An overview of some of llvm’s internals illustrating their usages and syntax.
Categories
- Attributes
- linkages
- Terminator instructions
- Metadata
- Debug Information
For a complete reference of the IR, lookup LLVM_IR
If you have been keen on the developmenents in the compiler tech world, you’ll know that compiler infrastructure fundamentally boils down to MLIR. And no wonder, it eliminates the need to design various code generators that necessarily need to be built for any language relying on its own custom IR.
I do not think it can also be overstated how much utility it avails all in a single codebase, especially the optimization and verification passes.
So this effort goes to explore how various high level language constructs get to be lowered to
the IR.
Examples
SSA features
This instance show cases the constrains laid out by SSA
fn greater_than (a :u32, b: u32) bool {
if a > b {
true
}else{
false
}
}
fn main() {
let mut a = 6;
let mut b = 8;
if greater_than(a, b) {
a += 1
}else{
b += 1
}
}
This is a purely subjective view. Static Single Assignment (SSA) is currently an approach to help track definitions of variables and separate the need to track various reassignments to the same variables.
It’s hard to exactly see the problem that this solves and why it lies at the core of the IR but a little examination quickly illustrates why it is useful.
Compilers generally have to keep track of every variable used in an expression and their respective definitions. This is important because it needs to get a proper picture of what exactly the program is doing in order to perform modifications without altering the observed behavior of the program or what is visible in the execution environment.
Basically all modifications no matter how radical ought to maintain the semantics of the program.
I find the fact that we managed to do this a very impressive feat.

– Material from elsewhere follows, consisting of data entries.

(* Let $n\ge1$ and suppose $\alpha>0$ and $T$ are real constants. Then for $s<t\le T$ and $|x|\le\sqrt{T-t}$, $$\int_{|y|<\sqrt{T-s}}\Phi(x-y,t-s)^{\alpha/n}\,dy\ge\frac{C}{(t-s)^{(\alpha-n)/2}},$$ where $C=C(n,\alpha)$ is a positive constant.
   Context: $\Phi$ is the heat kernel: $\Phi(x,t)=(4\pi t)^{-n/2}e^{-|x|^2/(4t)}$ for $t>0$ and $\Phi(x,t)=0$ for $t\le0$. *)

From HB Require Import structures.
From mathcomp Require Import all_boot all_order all_algebra.
From mathcomp Require Import all_classical all_reals all_analysis.
Set Implicit Arguments. Unset Strict Implicit. Unset Printing Implicit Defensive.
Import Order.TTheory GRing.Theory Num.Theory.
Import numFieldNormedType.Exports.
Local Open Scope ring_scope.

(* Euclidean norm on R^n = 'rV[R]_n (the library's norm on 'rV is the sup norm). *)
Definition enorm {R : realType} {n : nat} (x : 'rV[R]_n) : R :=
  Num.sqrt (\sum_(i < n) x ord0 i ^+ 2).

Definition heat_kernel {R : realType} {n : nat} (x : 'rV[R]_n) (t : R) : R :=
  if 0 < t then
    powR (4 * pi * t) (- (n%:R / 2)) * expR (- (enorm x ^+ 2 / (4 * t)))
  else 0.

(* Lebesgue integral over R^k of an (extended-real valued) function of the
   coordinates, defined as the iterated integral w.r.t. the 1-dimensional
   Lebesgue measure (for non-negative measurable integrands this coincides with
   the integral w.r.t. k-dimensional Lebesgue measure, by Tonelli). *)
Fixpoint iter_lebesgue_int {R : realType} (k : nat) (f : seq R -> \bar R) : \bar R :=
  match k with
  | 0 => f [::]
  | k'.+1 => (\int[@lebesgue_measure R]_(t in setT)
                 iter_lebesgue_int k' (fun v => f (t :: v)))%E
  end.

Definition rV_lebesgue_int {R : realType} (n : nat) (f : 'rV[R]_n -> \bar R) : \bar R :=
  iter_lebesgue_int n (fun s => f (\row_(i < n) nth 0 s i)).

(* Put rho = sqrt (t - s).  Since |x| <= sqrt (T - s) and rho <= sqrt (T - s),
   there is a point z with |x - z| <= rho/2 and |z| <= sqrt (T - s) - rho/2, so
   the cube of half-side rho/(4 sqrt n) around z (of Euclidean radius rho/4) lies
   in the ball |y| < sqrt (T - s) and in |x - y| <= rho.  There the heat kernel is
   at least (4 pi (t - s))^(-n/2) e^(-1/4); raising to alpha/n and multiplying by
   the volume (rho/(2 sqrt n))^n of the cube gives C (t - s)^((n - alpha)/2). *)

From HB Require Import structures.
From mathcomp Require Import all_boot all_order all_algebra.
From mathcomp Require Import all_classical all_reals all_analysis.
From mathcomp Require Import ring lra.
Import Order.TTheory GRing.Theory Num.Theory.
Import numFieldNormedType.Exports.
Local Open Scope ring_scope.

Lemma sqr_sum_mul_le {R : realDomainType} {I : finType} (u v : I -> R) :
  (\sum_i u i * v i) ^+ 2 <= (\sum_i u i ^+ 2) * (\sum_i v i ^+ 2).
Proof.
set A := \sum_i u i ^+ 2; set B := \sum_i v i ^+ 2; set S := \sum_i u i * v i.
have B_ge0 : 0 <= B by rewrite sumr_ge0 // => i _; apply: sqr_ge0.
have [B_eq0|B_neq0] := eqVneq B 0.
  have v0 i : v i = 0.
    apply/eqP; rewrite -sqrf_eq0; apply/eqP.
    by apply: (psumr_eq0P _ B_eq0) => // j _; apply: sqr_ge0.
  by rewrite /S big1 => [|i _]; rewrite ?v0 ?mulr0 // expr0n B_eq0 mulr0.
have : 0 <= \sum_i (B * u i - S * v i) ^+ 2 by rewrite sumr_ge0 // => i _; apply: sqr_ge0.
have -> : \sum_i (B * u i - S * v i) ^+ 2 =
          \sum_i (B ^+ 2 * u i ^+ 2 - 2 * B * S * (u i * v i) + S ^+ 2 * v i ^+ 2).
  by apply: eq_bigr => i _; ring.
rewrite big_split sumrB /= -!mulr_sumr -/A -/B -/S.
have : 0 < B by rewrite lt_def B_neq0.
nra.
Qed.

Section EuclideanNorm.
Context {R : realType} {n : nat}.
Implicit Types (x y : 'rV[R]_n) (a : R).

Lemma enorm_ge0 x : 0 <= enorm x.
Proof. exact: sqrtr_ge0. Qed.

Lemma sqr_enorm x : enorm x ^+ 2 = \sum_i x ord0 i ^+ 2.
Proof. by rewrite sqr_sqrtr // sumr_ge0 // => i _; apply: sqr_ge0. Qed.

Lemma enormZ a x : enorm (a *: x) = `|a| * enorm x.
Proof.
rewrite /enorm; under eq_bigr do rewrite mxE exprMn.
by rewrite -mulr_sumr sqrtrM ?sqr_ge0 // sqrtr_sqr.
Qed.

Lemma enorm0 : enorm (0 : 'rV[R]_n) = 0.
Proof. by rewrite -(scale0r 0) enormZ normr0 mul0r. Qed.

Lemma enormN x : enorm (- x) = enorm x.
Proof. by rewrite -scaleN1r enormZ normrN1 mul1r. Qed.

Lemma enormD_le x y : enorm (x + y) <= enorm x + enorm y.
Proof.
rewrite -[leRHS]ger0_norm ?addr_ge0 ?enorm_ge0 // -sqrtr_sqr ler_sqrt ?sqr_ge0 //.
under eq_bigr do rewrite mxE sqrrD.
rewrite !big_split /= sqrrD !sqr_enorm lerD2r lerD2l mulr2n.
suff CS : \sum_i x ord0 i * y ord0 i <= enorm x * enorm y by apply: lerD.
apply: le_trans (real_ler_norm _) _; first exact: num_real.
rewrite -sqrtr_sqr -[leRHS]ger0_norm ?mulr_ge0 ?enorm_ge0 // -sqrtr_sqr.
by rewrite ler_sqrt ?sqr_ge0 // exprMn !sqr_enorm sqr_sum_mul_le.
Qed.

Lemma enorm_le_sqrt_dim x (h : R) : 0 <= h ->
  (forall i, `|x ord0 i| <= h) -> enorm x <= Num.sqrt n%:R * h.
Proof.
move=> h_ge0 xh; rewrite -[h in leRHS]ger0_norm // -sqrtr_sqr -sqrtrM ?ler0n //.
rewrite ler_wsqrtr // mulr_natl -[in leRHS](card_ord n) -sumr_const.
apply: ler_sum => i _; rewrite -real_normK ?num_real //.
by rewrite ler_sqr ?nnegrE.
Qed.

Lemma enorm_near_inner_ball x (rho M : R) : 0 < rho -> rho <= M ->
  enorm x <= M -> exists z, enorm (x - z) <= rho / 2 /\ enorm z <= M - rho / 2.
Proof.
move=> rho_gt0 rhoM xM; have [x_small|x_large] := lerP (enorm x) (rho / 2).
  by exists 0; rewrite subr0 enorm0; split=> //; lra.
have x_gt0 : 0 < enorm x by apply: lt_trans x_large; lra.
set a := rho / (2 * enorm x).
have a_lt1 : a < 1 by rewrite ltr_pdivrMr ?mulr_gt0 //; lra.
have aE : a * enorm x = rho / 2 by rewrite /a; field; rewrite gt_eqF.
have a_ge0 : 0 <= a by rewrite divr_ge0 ?mulr_ge0 // ltW.
exists ((1 - a) *: x); split.
  by rewrite scalerBl scale1r opprB addrC subrK enormZ ger0_norm // aE.
by rewrite enormZ ger0_norm ?subr_ge0 ?(ltW a_lt1) // mulrBl mul1r aE; lra.
Qed.

Lemma exists_quarter_ball_inside x (rho M : R) : 0 < rho -> rho <= M ->
  enorm x <= M -> exists z, forall y, enorm (y - z) <= rho / 4 ->
  enorm y < M /\ enorm (x - y) <= rho.
Proof.
move=> rho_gt0 rhoM xM; have [z [xz zM]] := enorm_near_inner_ball _ _ _ rho_gt0 rhoM xM.
exists z => y yz; split.
  rewrite -(subrK z y) addrC; apply: le_lt_trans (enormD_le _ _) _; lra.
rewrite -(subrK z x) -addrA; apply: le_trans (enormD_le _ _) _.
rewrite -[z - y]opprB enormN; lra.
Qed.

End EuclideanNorm.

Section HeatKernel.
Context {R : realType}.

Lemma heat_kernel_ge n (x : 'rV[R]_n) tau : 0 < tau -> enorm x <= Num.sqrt tau ->
  powR (4 * pi * tau) (- (n%:R / 2)) * expR (- (1 / 4)) <= heat_kernel x tau.
Proof.
move=> tau_gt0 x_le; rewrite /heat_kernel tau_gt0 ler_pM2l ?powR_gt0 ?mulr_gt0 ?pi_gt0 //.
have x2_le : enorm x ^+ 2 <= tau.
  by rewrite -(sqr_sqrtr (ltW tau_gt0)) ler_sqr ?nnegrE ?enorm_ge0 ?sqrtr_ge0.
by rewrite ler_expR lerN2 ler_pdivrMr ?mulr_gt0 ?pi_gt0 //; lra.
Qed.

Definition heat_ball_const (n : nat) (alpha : R) : R :=
  powR (4 * pi) (- (alpha / 2)) * expR (- (alpha / (4 * n%:R))) /
  (2 * Num.sqrt n%:R) ^+ n.

Lemma heat_ball_const_gt0 n alpha : (0 < n)%N -> 0 < heat_ball_const n alpha.
Proof.
move=> n_gt0; have pi4_gt0 : 0 < 4 * pi :> R by rewrite mulr_gt0 ?pi_gt0.
have sqrt_n2_gt0 : 0 < 2 * Num.sqrt n%:R :> R by rewrite mulr_gt0 ?sqrtr_gt0 ?ltr0n.
by rewrite divr_gt0 ?mulr_gt0 ?powR_gt0 ?expR_gt0 ?exprn_gt0.
Qed.

Lemma heat_ball_constE n alpha tau : (0 < n)%N -> 0 < tau ->
  powR (powR (4 * pi * tau) (- (n%:R / 2)) * expR (- (1 / 4))) (alpha / n%:R) *
  (2 * (Num.sqrt tau / (4 * Num.sqrt n%:R))) ^+ n =
  heat_ball_const n alpha / powR tau ((alpha - n%:R) / 2).
Proof.
move=> n_gt0 tau_gt0; have n0 : n%:R != 0 :> R by rewrite pnatr_eq0 -lt0n.
have sqrt_n0 : Num.sqrt n%:R != 0 :> R by rewrite gt_eqF // sqrtr_gt0 ltr0n.
have pi4_ge0 : 0 <= 4 * pi :> R by rewrite mulr_ge0 ?pi_ge0.
rewrite powRM ?powR_ge0 ?expR_ge0 // -powRrM -expRM powRM ?(ltW tau_gt0) //.
have -> : (2 * (Num.sqrt tau / (4 * Num.sqrt n%:R))) =
          Num.sqrt tau / (2 * Num.sqrt n%:R) by field.
rewrite expr_div_n -powR12_sqrt ?ltW // -powR_mulrn ?powR_ge0 // -powRrM.
rewrite /heat_ball_const -powRN.
have -> : - ((alpha - n%:R) / 2) = - (alpha / 2) + (2^-1 * n%:R) by field.
rewrite powRD; last by rewrite (gt_eqF tau_gt0) implybT.
have -> : - (n%:R / 2) * (alpha / n%:R) = - (alpha / 2) :> R by field.
have -> : - (1 / 4) * (alpha / n%:R) = - (alpha / (4 * n%:R)) :> R by field.
ring.
Qed.

End HeatKernel.

Section IteratedIntegral.
Context {R : realType}.
Local Open Scope ereal_scope.

Lemma iter_lebesgue_int_ge0 k (f : seq R -> \bar R) :
  (forall s, 0 <= f s) -> 0 <= iter_lebesgue_int k f.
Proof.
elim: k f => [|k IH] f f0 /=; first exact: f0.
by apply: integral_ge0 => t _; apply: IH.
Qed.

(* No measurability is needed: a nonnegative integral is the supremum of the
   integrals of the simple functions below the integrand. *)
Lemma le_iter_lebesgue_int k (f g : seq R -> \bar R) :
  (forall s, 0 <= f s) -> (forall s, f s <= g s) ->
  iter_lebesgue_int k f <= iter_lebesgue_int k g.
Proof.
elim: k f g => [|k IH] f g f0 fg /=; first exact: fg.
have g0 s : 0 <= g s by apply: le_trans (f0 s) (fg s).
rewrite !ge0_integralTE => [|t|t]; try exact: iter_lebesgue_int_ge0.
apply: ereal_sup_le => _ [u uf <-]; exists u => // t.
by apply: le_trans (uf t) _; apply: IH.
Qed.

Lemma iter_lebesgue_int0 k : iter_lebesgue_int k (fun _ : seq R => 0) = 0.
Proof. by elim: k => [|k IH] //=; rewrite IH integral0. Qed.

Fixpoint in_cube (h : R) (k : nat) (p : nat -> R) (s : seq R) : bool :=
  if k is k'.+1 then
    (`|head 0 s - p 0%N| <= h)%R && in_cube h k' (p \o succn) (behead s)
  else true.

Lemma in_cubeP {h k p s} : in_cube h k p s ->
  forall i, (i < k)%N -> (`|nth 0 s i - p i| <= h)%R.
Proof.
elim: k p s => [//|k IH] p s /= /andP[s0 sk] [|i] /=; first by case: s s0 sk.
by rewrite ltnS => /(IH _ _ sk); case: s {s0 sk} => //=; rewrite nth_nil.
Qed.

Lemma integral_indic_centered (a h c : R) : (0 <= h)%R ->
  \int[@lebesgue_measure R]_(t in setT) (if `|t - a| <= h then c%:E else 0)%R
  = (c * (2 * h))%:E.
Proof.
move=> h0.
rewrite (_ : (fun t => _) = cst c%:E \_ [set` `[a - h, a + h]%R]); last first.
  by apply/funext => t; rewrite patchE mem_setE in_itv /= ler_distl.
rewrite -integral_mkcond integral_cst //= lebesgue_measure_itv /= lte_fin.
case: ltP => [_|]; first by rewrite -EFinM; congr EFin; ring.
move=> ?; have -> : h = 0%R by lra.
by rewrite mule0 !mulr0.
Qed.

Lemma iter_lebesgue_int_cube k p (c h : R) : (0 <= h)%R ->
  iter_lebesgue_int k (fun s => if in_cube h k p s then c%:E else 0) =
  (c * (2 * h) ^+ k)%:E.
Proof.
move=> h0; elim: k p => [|k IH] p /=; first by rewrite mulr1.
rewrite exprSr mulrA -(integral_indic_centered (p 0%N)) //.
apply: eq_integral => t _; case: ifP => _; first by rewrite IH.
exact: iter_lebesgue_int0.
Qed.

Lemma iter_lebesgue_int_ge_cube k p (h c : R) (f : seq R -> \bar R) :
  (0 <= h)%R -> (0 <= c)%R -> (forall s, 0 <= f s) ->
  (forall s, in_cube h k p s -> c%:E <= f s) ->
  (c * (2 * h) ^+ k)%:E <= iter_lebesgue_int k f.
Proof.
move=> h0 c0 f0 cf; rewrite -(iter_lebesgue_int_cube k p c _ h0).
apply: le_iter_lebesgue_int => s; first by case: ifP; rewrite ?lee_fin.
by case: ifP => [/cf|].
Qed.
End IteratedIntegral.

Lemma enorm_in_cube_le {R : realType} n (z : 'rV[R]_n) (h : R) s : 0 <= h ->
  in_cube h n (fun i => if insub i is Some j then z ord0 j else 0) s ->
  enorm (\row_i nth 0 s i - z) <= Num.sqrt n%:R * h.
Proof.
move=> h_ge0 s_cube; apply: enorm_le_sqrt_dim => // i.
by rewrite !mxE; have := in_cubeP s_cube _ (ltn_ord i); rewrite valK.
Qed.

Theorem lemma2p10 (R : realType) (n : nat) (alpha : R) :
  (1 <= n)%N -> 0 < alpha ->
  exists C : R, 0 < C /\
    forall (T s t : R) (x : 'rV[R]_n),
      s < t -> t <= T -> enorm x <= Num.sqrt (T - t) ->
      ((C / powR (t - s) ((alpha - n%:R) / 2))%:E <=
        rV_lebesgue_int (fun y : 'rV[R]_n =>
          if (enorm y < Num.sqrt (T - s))%R
          then (powR (heat_kernel (x - y) (t - s)) (alpha / n%:R))%:E
          else 0%E))%E.
Proof.
move=> n_gt0 alpha_gt0; exists (heat_ball_const n alpha).
split=> [|T s t x st tT xT]; first exact: heat_ball_const_gt0.
set tau := t - s; have tau_gt0 : 0 < tau by rewrite subr_gt0.
set rho := Num.sqrt tau; have rho_gt0 : 0 < rho by rewrite sqrtr_gt0.
set M := Num.sqrt (T - s).
have rhoM : rho <= M by apply: ler_wsqrtr; rewrite lerB.
have xM : enorm x <= M by apply: le_trans xT (ler_wsqrtr _); rewrite lerB // ltW.
have [z zP] := exists_quarter_ball_inside _ _ _ rho_gt0 rhoM xM.
set h := rho / (4 * Num.sqrt n%:R).
have sqrt_n_gt0 : 0 < Num.sqrt n%:R :> R by rewrite sqrtr_gt0 ltr0n.
have h_ge0 : 0 <= h by rewrite divr_ge0 ?mulr_ge0 ?ltW.
have quarter : Num.sqrt n%:R * h = rho / 4 by rewrite /h; field; rewrite gt_eqF.
have c_ge0 : 0 <= (4 * pi * tau) `^ (- (n%:R / 2)) * expR (- (1 / 4)).
  by rewrite mulr_ge0 ?powR_ge0 ?expR_ge0.
rewrite -heat_ball_constE // /rV_lebesgue_int.
apply: (iter_lebesgue_int_ge_cube _ (fun i => if insub i is Some j then z ord0 j else 0))
  => // [|s0|s0 s0_cube]; first exact: powR_ge0.
  by case: ifP; rewrite ?lee_fin ?powR_ge0.
have := enorm_in_cube_le _ _ _ _ h_ge0 s0_cube; rewrite quarter => /zP[yM xy].
have Phi_ge := heat_kernel_ge _ _ _ tau_gt0 xy.
rewrite ifT // lee_fin ge0_ler_powR ?nnegrE ?(le_trans c_ge0 Phi_ge) //.
by rewrite divr_ge0 ?ler0n ?ltW.
Qed.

So in order to generate efficient assembly or basically assembly that will simply not be highly improved when hand written, multiple analyses have to be performed on the program at several levels. So the constrains put on the compiler writer are partly something they sign up to when designing the language features. So if you are writing in a dynamic language where you can reassign variables however, the challenge is how to keep track of the changes in the variables in a way that maintains consistency as the variables are accessed and in use. This is effectively similar to repeatedly aiming and necessarily hitting a moving target.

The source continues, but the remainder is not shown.